BEGIN Data

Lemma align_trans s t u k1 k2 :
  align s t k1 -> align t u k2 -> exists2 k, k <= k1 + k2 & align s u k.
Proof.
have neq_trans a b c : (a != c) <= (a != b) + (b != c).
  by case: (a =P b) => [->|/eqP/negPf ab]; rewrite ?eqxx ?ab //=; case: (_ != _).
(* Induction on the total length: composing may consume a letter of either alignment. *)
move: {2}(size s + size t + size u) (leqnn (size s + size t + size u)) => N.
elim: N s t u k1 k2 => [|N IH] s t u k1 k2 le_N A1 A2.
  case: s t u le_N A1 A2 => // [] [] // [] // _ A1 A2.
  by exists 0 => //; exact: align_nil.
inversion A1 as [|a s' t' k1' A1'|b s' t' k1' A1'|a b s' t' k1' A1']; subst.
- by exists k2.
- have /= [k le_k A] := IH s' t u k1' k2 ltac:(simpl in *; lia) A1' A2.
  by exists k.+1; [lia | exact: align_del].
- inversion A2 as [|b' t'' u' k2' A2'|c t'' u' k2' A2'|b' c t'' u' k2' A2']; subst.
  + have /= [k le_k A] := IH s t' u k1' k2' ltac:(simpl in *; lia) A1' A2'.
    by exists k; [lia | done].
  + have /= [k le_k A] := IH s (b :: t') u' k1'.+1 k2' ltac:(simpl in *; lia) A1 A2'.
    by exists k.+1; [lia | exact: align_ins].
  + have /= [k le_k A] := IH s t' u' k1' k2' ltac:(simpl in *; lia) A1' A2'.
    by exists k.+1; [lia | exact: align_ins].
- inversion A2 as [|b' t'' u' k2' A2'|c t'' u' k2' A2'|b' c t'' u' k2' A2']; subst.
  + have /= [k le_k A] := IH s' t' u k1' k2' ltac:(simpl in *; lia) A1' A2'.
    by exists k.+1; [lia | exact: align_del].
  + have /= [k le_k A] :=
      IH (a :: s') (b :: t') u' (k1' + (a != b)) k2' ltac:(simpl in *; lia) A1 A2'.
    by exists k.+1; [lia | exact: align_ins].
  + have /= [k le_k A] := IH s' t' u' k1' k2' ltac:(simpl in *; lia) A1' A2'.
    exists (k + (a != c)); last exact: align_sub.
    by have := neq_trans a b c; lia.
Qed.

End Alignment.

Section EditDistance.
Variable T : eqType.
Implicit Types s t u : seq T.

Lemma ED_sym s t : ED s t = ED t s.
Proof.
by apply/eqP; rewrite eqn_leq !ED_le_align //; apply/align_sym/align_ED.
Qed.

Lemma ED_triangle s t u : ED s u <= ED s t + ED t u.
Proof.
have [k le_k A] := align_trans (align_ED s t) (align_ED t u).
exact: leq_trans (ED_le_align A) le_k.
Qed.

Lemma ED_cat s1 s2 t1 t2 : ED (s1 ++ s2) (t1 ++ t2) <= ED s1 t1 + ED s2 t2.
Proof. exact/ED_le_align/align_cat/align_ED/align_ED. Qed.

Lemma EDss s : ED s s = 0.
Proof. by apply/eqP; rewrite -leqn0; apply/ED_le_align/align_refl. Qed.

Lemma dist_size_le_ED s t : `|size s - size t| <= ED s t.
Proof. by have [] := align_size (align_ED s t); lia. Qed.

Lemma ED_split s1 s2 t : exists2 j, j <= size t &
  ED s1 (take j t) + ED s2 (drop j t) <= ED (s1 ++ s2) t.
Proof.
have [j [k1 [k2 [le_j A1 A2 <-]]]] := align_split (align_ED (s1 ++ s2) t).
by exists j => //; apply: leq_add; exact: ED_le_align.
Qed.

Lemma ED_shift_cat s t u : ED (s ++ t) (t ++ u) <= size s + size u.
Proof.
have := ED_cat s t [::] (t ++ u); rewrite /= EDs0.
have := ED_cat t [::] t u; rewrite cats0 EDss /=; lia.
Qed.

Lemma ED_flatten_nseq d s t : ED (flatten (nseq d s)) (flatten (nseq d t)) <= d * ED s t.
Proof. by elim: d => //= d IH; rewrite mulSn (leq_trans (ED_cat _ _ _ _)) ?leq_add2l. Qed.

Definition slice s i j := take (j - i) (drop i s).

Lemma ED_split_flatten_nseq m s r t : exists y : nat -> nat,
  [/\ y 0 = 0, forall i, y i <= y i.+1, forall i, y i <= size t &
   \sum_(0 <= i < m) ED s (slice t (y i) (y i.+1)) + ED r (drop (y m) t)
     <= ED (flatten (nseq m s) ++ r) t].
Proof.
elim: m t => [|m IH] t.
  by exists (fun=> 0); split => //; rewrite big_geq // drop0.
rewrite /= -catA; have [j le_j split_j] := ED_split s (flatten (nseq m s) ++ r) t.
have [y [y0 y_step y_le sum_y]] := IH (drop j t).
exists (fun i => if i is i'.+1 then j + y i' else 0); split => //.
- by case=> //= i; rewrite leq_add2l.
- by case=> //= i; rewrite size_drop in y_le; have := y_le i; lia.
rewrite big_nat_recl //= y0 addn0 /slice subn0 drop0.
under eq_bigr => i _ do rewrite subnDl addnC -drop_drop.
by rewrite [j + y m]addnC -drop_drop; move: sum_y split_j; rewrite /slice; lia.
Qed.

END Data
BEGIN Data

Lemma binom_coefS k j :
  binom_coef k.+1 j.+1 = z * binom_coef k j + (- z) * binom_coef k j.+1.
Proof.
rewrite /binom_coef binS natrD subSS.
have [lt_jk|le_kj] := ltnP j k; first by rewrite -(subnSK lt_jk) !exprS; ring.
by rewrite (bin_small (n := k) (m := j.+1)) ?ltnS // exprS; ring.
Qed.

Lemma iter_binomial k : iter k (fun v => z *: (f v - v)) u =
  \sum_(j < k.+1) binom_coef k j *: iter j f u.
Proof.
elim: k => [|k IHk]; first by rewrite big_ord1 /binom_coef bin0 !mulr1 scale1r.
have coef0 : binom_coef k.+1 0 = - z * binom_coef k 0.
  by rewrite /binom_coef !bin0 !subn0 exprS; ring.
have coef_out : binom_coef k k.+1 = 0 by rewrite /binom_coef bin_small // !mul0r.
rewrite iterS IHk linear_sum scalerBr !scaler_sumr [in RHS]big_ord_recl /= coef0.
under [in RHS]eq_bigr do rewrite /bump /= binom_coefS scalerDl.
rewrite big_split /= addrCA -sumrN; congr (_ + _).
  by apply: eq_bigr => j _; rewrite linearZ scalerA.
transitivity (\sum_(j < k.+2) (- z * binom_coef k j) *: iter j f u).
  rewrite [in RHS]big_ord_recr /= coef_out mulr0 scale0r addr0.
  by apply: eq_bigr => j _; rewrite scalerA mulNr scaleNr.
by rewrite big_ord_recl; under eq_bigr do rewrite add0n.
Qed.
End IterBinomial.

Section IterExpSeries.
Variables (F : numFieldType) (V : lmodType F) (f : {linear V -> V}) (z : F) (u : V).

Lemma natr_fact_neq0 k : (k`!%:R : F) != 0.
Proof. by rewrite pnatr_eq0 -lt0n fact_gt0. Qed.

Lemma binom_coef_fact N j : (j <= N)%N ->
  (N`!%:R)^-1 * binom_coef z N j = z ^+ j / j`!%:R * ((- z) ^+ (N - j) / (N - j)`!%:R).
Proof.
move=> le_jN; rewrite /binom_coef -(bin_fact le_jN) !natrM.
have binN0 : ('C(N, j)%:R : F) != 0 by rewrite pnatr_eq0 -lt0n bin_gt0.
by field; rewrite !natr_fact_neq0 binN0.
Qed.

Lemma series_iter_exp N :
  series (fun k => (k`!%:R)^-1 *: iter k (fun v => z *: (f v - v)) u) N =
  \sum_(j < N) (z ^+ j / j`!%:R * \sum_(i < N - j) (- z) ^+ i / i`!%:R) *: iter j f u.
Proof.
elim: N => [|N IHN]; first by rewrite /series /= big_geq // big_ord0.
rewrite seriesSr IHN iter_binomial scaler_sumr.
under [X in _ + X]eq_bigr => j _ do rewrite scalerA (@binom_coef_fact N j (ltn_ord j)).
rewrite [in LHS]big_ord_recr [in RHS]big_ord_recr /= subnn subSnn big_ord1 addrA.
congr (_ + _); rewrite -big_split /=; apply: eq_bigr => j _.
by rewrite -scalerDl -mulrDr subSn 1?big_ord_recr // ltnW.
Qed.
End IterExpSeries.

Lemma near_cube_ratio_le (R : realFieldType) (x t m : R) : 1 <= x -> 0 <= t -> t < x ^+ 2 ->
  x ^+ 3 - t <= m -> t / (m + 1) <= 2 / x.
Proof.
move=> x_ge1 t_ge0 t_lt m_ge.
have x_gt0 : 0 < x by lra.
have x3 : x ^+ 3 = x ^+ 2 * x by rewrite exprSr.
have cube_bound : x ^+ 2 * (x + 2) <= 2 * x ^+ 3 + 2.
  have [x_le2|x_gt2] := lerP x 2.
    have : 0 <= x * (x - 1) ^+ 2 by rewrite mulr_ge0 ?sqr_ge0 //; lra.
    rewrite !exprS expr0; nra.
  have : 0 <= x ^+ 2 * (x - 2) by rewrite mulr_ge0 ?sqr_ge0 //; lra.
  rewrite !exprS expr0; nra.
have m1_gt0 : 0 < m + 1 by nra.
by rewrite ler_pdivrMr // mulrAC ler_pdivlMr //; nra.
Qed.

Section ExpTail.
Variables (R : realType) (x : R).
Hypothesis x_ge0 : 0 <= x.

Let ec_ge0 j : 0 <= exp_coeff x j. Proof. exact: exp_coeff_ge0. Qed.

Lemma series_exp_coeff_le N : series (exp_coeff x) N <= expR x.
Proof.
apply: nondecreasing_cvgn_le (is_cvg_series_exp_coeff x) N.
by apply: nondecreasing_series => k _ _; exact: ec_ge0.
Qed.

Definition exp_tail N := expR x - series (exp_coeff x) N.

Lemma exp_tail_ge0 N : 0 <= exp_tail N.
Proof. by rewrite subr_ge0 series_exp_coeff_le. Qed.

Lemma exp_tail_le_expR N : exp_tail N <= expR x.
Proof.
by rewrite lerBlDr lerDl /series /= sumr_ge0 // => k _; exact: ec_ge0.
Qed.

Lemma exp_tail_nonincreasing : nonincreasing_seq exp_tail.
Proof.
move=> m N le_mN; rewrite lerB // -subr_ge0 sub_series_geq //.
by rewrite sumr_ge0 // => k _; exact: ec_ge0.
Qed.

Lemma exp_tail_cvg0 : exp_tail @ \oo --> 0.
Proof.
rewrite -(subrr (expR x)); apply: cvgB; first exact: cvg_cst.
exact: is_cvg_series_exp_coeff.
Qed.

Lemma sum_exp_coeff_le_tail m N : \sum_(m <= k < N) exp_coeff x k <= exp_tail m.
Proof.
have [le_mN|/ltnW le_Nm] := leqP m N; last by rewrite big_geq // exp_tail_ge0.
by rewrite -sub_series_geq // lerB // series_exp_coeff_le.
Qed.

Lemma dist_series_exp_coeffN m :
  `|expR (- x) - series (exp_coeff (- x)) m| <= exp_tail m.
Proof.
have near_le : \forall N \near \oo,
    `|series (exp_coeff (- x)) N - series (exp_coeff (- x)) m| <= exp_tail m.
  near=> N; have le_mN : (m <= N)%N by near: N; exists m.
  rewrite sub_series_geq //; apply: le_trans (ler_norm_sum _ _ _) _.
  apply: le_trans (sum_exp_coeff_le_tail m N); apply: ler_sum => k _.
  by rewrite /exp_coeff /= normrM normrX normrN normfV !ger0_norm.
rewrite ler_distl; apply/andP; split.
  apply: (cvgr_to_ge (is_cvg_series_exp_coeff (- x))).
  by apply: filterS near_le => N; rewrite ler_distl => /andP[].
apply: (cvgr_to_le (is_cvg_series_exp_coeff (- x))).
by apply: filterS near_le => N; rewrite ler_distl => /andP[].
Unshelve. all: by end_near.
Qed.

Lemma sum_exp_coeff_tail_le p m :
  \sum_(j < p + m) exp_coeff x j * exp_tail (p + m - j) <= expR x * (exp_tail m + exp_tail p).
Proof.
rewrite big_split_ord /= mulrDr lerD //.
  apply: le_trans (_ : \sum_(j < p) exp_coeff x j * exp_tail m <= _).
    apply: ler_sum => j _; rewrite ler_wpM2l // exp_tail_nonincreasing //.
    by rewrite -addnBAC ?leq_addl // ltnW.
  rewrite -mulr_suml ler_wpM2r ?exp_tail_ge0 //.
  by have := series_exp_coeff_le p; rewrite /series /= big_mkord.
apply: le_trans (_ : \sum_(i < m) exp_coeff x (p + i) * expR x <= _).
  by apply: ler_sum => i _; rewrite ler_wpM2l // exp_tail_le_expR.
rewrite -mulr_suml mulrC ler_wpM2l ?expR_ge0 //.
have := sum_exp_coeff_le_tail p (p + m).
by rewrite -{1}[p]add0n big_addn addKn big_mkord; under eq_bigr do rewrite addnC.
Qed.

END Data
BEGIN Data

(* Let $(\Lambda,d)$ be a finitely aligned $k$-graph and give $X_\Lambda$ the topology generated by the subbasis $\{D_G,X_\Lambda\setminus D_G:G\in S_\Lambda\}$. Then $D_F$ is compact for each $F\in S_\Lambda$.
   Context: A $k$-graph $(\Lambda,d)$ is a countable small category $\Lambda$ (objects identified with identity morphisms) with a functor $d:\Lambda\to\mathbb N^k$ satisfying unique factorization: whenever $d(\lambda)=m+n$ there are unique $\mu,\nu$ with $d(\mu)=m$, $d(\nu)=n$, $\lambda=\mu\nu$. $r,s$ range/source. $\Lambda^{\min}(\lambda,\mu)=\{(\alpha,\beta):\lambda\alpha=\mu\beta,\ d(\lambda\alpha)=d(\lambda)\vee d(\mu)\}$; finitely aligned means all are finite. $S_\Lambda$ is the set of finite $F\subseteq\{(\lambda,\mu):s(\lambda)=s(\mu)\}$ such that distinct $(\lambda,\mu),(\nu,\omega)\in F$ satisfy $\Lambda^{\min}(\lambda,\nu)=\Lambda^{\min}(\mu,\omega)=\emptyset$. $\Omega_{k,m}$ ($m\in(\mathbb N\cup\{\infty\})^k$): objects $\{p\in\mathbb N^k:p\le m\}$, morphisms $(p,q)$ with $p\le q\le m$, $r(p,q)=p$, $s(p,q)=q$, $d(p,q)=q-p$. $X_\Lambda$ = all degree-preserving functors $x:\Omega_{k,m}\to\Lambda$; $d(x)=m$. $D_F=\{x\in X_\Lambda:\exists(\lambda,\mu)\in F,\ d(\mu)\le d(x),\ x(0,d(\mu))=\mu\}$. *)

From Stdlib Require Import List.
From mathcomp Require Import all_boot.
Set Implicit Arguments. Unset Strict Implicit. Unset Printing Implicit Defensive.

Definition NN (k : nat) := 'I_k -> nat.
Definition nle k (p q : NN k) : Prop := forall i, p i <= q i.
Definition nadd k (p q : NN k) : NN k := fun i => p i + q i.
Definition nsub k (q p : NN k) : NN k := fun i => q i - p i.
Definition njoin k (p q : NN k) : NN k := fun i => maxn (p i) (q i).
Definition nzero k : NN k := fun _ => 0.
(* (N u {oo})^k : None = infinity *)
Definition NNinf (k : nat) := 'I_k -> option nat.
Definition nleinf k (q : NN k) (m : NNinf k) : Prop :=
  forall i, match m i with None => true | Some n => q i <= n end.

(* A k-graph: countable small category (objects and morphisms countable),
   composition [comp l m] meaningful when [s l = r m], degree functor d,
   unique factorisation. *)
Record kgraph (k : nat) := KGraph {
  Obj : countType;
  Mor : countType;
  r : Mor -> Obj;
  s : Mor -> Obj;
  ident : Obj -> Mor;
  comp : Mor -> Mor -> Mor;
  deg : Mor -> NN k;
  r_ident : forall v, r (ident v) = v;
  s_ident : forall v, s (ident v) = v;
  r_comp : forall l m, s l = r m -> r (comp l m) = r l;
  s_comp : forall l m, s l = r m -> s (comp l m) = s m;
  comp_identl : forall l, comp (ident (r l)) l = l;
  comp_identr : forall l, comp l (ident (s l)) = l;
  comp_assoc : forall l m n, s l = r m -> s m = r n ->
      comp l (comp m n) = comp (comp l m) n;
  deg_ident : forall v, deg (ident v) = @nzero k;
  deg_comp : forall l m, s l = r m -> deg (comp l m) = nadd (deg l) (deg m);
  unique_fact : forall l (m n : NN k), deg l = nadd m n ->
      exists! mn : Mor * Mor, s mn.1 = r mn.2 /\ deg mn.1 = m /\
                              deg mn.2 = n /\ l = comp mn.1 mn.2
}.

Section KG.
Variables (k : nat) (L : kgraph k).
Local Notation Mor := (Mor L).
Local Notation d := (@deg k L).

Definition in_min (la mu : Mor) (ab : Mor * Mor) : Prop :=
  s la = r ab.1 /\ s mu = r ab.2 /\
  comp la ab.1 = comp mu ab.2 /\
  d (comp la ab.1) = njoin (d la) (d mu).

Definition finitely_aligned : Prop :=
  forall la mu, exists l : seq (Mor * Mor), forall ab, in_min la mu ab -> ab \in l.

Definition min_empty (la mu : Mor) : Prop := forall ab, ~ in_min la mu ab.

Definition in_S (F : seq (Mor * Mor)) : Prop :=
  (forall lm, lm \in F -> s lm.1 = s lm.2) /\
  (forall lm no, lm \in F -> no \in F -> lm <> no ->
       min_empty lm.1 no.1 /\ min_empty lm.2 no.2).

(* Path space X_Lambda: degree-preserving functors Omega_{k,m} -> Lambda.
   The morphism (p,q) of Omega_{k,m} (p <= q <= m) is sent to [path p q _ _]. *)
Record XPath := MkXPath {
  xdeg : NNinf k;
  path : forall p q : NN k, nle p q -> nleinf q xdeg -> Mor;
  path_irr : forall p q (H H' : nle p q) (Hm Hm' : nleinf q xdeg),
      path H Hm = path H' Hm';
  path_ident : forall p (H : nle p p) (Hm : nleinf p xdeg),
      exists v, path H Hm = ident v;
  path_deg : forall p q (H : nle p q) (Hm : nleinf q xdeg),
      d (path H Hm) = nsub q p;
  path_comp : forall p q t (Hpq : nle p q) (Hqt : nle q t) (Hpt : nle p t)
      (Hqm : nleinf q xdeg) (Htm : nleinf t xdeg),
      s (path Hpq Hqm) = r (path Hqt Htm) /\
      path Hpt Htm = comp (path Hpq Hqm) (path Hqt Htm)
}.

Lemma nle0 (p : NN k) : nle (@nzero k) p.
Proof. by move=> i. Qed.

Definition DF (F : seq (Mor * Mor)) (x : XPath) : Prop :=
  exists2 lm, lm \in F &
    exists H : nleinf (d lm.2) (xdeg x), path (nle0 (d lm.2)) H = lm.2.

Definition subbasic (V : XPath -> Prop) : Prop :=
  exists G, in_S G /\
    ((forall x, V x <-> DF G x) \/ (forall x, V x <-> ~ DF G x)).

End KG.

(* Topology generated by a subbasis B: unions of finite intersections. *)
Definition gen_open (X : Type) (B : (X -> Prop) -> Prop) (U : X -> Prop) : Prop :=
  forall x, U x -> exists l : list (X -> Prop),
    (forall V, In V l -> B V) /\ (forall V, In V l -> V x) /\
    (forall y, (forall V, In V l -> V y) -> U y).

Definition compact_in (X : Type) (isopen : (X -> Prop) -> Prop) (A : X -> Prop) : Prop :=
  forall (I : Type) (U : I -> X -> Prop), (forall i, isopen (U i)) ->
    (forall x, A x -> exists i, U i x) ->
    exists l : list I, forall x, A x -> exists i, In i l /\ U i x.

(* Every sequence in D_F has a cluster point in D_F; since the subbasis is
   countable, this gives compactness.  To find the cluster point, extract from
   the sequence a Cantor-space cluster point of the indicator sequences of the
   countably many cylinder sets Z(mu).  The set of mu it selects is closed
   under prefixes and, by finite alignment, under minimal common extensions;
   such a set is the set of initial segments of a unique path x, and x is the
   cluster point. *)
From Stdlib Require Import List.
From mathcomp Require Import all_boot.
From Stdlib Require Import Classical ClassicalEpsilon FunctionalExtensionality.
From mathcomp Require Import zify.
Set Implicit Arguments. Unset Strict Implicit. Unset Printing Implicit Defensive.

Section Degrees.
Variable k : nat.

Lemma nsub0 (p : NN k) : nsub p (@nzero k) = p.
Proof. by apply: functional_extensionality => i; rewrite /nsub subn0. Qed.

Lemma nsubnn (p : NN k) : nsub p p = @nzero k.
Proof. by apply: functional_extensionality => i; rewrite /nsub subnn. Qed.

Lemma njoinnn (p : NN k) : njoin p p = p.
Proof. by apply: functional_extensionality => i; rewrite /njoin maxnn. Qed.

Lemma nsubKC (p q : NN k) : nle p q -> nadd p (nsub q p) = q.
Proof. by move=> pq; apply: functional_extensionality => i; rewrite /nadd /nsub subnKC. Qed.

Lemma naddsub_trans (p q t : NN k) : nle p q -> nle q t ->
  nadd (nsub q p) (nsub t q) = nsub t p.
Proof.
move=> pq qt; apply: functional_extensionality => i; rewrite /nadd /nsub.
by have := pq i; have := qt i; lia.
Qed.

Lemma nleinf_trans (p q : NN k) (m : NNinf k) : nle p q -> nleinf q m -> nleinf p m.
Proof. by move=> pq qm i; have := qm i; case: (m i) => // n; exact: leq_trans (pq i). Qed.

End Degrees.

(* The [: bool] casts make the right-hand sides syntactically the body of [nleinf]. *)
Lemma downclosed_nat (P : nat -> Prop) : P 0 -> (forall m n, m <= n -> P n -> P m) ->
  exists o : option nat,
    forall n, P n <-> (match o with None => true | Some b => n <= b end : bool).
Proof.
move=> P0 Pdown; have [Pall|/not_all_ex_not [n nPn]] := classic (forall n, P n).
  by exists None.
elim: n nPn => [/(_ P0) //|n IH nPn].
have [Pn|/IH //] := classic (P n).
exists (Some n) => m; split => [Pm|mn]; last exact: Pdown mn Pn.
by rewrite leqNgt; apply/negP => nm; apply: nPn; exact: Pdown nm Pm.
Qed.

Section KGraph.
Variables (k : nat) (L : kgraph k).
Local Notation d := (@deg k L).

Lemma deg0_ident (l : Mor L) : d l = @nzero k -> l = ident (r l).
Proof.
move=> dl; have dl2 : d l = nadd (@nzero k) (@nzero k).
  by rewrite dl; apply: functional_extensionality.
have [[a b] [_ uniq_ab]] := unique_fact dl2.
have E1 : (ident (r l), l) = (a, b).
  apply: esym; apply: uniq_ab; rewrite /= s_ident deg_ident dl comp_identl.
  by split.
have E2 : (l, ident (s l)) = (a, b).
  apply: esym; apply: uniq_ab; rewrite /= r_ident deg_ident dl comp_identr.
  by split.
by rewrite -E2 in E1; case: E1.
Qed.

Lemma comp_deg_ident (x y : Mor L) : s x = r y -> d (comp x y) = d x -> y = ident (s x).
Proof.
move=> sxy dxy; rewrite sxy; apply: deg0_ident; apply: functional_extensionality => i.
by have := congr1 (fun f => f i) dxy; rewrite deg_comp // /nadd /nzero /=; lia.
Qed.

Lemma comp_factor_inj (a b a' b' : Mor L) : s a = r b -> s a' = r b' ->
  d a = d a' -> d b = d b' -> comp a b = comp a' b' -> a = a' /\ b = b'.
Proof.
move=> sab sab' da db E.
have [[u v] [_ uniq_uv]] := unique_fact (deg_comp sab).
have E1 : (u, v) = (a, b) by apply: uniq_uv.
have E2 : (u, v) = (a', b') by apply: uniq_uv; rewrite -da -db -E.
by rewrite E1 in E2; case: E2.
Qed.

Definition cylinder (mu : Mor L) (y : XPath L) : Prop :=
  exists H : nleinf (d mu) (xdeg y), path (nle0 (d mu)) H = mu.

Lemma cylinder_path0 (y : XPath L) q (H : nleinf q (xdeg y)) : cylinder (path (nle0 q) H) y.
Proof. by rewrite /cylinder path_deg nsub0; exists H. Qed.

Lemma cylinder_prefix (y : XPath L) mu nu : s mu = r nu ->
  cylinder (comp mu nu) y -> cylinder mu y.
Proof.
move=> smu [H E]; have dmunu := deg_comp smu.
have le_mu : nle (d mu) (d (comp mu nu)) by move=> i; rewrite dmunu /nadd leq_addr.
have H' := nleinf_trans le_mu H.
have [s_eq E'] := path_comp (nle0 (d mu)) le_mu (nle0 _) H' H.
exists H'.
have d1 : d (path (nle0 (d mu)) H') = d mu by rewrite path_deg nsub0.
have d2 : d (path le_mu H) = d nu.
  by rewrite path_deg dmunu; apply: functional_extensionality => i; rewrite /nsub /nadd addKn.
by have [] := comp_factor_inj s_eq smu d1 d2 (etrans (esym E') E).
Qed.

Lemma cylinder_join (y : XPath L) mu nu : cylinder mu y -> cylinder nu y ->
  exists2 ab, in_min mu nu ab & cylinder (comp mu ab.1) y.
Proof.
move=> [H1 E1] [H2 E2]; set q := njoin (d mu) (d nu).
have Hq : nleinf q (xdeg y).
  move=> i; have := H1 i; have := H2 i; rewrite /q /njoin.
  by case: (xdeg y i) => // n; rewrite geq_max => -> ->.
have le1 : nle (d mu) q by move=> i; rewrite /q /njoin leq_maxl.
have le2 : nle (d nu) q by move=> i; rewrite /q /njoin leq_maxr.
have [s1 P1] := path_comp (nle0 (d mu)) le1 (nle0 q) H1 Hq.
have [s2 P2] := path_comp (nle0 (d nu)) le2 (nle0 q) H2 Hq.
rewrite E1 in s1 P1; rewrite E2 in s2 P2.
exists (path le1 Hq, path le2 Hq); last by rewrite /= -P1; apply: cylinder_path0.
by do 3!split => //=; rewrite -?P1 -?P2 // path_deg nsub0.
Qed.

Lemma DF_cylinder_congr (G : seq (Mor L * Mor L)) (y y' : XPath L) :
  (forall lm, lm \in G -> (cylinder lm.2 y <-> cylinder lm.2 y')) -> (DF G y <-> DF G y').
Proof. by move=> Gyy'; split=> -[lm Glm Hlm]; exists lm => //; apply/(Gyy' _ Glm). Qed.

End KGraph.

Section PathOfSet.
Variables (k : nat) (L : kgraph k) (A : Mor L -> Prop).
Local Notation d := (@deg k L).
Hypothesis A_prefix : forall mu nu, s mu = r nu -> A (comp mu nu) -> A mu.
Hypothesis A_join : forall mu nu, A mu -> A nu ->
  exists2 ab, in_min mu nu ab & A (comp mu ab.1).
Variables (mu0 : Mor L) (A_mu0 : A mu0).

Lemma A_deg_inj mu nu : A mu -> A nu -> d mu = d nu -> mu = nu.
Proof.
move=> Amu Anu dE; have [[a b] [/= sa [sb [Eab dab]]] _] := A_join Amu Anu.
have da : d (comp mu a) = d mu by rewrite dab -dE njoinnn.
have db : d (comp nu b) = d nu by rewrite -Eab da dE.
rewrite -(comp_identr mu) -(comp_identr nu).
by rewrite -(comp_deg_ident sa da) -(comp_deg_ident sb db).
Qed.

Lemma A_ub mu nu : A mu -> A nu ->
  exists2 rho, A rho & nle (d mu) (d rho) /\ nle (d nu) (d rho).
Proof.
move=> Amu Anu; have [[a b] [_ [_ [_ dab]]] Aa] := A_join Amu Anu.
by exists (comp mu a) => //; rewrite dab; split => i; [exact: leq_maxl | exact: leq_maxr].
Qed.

END Data

What this task involves: What are the lines above that hold the string "EDss"? Copy them.

Response box:
Lemma EDss s : ED s s = 0.
have := ED_cat t [::] t u; rewrite cats0 EDss /=; lia.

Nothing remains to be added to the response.